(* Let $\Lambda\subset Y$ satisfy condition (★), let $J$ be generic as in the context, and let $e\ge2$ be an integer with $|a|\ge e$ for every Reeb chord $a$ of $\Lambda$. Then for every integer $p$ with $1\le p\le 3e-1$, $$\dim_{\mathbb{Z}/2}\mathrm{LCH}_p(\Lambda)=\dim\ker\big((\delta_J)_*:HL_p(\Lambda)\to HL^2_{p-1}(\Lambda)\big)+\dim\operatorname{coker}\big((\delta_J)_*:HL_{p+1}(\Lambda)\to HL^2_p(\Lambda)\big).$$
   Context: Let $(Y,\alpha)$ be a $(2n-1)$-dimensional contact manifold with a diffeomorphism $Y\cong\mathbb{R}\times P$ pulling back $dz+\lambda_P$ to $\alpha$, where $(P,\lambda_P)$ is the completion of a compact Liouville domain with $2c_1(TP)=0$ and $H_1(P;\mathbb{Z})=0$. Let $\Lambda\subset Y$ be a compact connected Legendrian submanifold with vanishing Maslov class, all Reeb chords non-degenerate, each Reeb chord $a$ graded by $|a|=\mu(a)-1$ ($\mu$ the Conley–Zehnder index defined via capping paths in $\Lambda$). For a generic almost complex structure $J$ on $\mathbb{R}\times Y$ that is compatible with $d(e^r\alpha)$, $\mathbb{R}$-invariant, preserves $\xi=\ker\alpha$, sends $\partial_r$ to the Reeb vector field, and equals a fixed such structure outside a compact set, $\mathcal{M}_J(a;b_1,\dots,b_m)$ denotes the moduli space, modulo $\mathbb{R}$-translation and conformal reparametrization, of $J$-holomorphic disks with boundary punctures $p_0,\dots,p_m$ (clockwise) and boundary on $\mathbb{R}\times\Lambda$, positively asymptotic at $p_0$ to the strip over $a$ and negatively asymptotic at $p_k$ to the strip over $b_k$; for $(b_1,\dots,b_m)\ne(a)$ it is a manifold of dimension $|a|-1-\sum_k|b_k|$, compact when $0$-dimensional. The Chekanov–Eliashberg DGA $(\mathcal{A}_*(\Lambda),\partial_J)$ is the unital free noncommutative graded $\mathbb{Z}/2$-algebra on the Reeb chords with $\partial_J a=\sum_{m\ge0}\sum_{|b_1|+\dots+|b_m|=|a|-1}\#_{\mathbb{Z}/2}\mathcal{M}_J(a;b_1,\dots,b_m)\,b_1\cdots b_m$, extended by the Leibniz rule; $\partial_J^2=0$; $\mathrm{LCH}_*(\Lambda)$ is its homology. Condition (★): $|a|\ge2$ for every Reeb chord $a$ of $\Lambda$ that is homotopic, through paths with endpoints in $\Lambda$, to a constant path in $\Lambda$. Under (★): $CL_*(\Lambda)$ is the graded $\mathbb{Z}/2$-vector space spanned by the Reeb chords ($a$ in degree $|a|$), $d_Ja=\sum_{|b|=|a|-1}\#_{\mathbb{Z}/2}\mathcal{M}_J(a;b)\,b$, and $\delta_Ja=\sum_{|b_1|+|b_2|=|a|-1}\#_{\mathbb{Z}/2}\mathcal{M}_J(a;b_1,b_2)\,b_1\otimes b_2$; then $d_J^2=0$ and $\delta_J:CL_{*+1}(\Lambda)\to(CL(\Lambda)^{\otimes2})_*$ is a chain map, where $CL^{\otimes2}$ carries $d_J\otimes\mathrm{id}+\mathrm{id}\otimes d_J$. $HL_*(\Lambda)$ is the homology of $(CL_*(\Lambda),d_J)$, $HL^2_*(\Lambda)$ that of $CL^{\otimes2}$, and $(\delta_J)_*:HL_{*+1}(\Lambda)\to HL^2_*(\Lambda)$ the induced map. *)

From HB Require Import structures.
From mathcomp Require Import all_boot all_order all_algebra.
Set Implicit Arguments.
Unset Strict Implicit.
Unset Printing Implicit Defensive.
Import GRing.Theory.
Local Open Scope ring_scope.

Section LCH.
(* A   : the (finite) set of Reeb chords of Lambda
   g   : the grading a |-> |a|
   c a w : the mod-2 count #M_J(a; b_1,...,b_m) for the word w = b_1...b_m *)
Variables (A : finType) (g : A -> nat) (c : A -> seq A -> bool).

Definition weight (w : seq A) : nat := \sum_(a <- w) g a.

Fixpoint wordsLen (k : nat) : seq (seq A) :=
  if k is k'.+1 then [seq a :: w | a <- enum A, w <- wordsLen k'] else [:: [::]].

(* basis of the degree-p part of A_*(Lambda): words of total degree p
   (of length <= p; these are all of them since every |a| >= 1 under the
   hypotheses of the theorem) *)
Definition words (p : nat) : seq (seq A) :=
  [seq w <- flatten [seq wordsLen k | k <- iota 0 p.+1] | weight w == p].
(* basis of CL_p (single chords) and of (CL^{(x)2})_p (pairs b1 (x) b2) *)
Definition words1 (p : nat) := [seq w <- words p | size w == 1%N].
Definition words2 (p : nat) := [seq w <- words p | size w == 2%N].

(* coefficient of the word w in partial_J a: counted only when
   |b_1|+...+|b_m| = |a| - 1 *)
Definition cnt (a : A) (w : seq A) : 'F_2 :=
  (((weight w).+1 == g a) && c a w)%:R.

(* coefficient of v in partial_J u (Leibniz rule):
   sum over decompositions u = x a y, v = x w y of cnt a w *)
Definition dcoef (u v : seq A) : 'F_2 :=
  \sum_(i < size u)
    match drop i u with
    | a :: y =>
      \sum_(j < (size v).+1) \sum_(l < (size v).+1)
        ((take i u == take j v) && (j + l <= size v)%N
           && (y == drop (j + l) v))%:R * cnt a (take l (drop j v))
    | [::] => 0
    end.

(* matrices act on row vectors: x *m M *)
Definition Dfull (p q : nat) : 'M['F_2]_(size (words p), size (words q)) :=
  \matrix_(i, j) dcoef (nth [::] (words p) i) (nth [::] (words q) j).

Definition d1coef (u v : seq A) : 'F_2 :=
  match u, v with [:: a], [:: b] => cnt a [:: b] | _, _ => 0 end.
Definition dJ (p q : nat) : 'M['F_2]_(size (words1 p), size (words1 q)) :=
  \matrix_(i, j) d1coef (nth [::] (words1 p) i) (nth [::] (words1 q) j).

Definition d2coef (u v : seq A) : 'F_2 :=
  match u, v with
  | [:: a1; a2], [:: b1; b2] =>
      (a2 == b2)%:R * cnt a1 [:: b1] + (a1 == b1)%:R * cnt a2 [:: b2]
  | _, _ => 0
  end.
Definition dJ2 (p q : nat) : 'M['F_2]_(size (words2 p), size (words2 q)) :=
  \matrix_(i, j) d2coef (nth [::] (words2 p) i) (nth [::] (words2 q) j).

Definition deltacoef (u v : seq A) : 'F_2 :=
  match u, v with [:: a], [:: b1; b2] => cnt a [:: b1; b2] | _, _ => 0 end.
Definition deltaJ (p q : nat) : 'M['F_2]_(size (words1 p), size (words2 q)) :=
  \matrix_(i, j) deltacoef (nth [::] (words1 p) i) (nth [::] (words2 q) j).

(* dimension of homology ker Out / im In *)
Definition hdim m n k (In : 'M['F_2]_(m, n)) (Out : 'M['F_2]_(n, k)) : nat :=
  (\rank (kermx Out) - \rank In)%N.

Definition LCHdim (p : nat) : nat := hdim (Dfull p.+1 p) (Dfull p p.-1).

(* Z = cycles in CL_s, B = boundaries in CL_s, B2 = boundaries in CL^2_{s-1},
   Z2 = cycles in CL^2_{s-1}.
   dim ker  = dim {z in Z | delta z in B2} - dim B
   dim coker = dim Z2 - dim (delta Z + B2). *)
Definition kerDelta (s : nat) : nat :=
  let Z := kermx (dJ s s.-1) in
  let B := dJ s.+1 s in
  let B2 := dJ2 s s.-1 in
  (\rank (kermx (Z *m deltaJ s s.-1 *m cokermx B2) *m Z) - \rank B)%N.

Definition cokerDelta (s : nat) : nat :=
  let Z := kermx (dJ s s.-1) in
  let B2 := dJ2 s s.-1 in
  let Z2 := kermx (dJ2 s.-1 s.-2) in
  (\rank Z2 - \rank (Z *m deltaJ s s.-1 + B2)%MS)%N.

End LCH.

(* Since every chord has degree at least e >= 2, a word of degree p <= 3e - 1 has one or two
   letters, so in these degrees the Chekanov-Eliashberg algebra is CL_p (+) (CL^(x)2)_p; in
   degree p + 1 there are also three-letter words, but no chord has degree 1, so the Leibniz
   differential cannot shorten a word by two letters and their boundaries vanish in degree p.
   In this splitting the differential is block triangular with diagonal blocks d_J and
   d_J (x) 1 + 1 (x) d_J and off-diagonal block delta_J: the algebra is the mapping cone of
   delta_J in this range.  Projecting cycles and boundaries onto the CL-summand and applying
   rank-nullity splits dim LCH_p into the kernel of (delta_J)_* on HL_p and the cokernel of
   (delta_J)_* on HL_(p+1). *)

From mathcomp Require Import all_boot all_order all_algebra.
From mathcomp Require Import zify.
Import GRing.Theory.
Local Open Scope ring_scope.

• **Try it**:
Your task is to copy every line of the entries that contains the string "this".

• **Written answer**:
   In this splitting the differential is block triangular with diagonal blocks d_J and
   delta_J in this range.  Projecting cycles and boundaries onto the CL-summand and applying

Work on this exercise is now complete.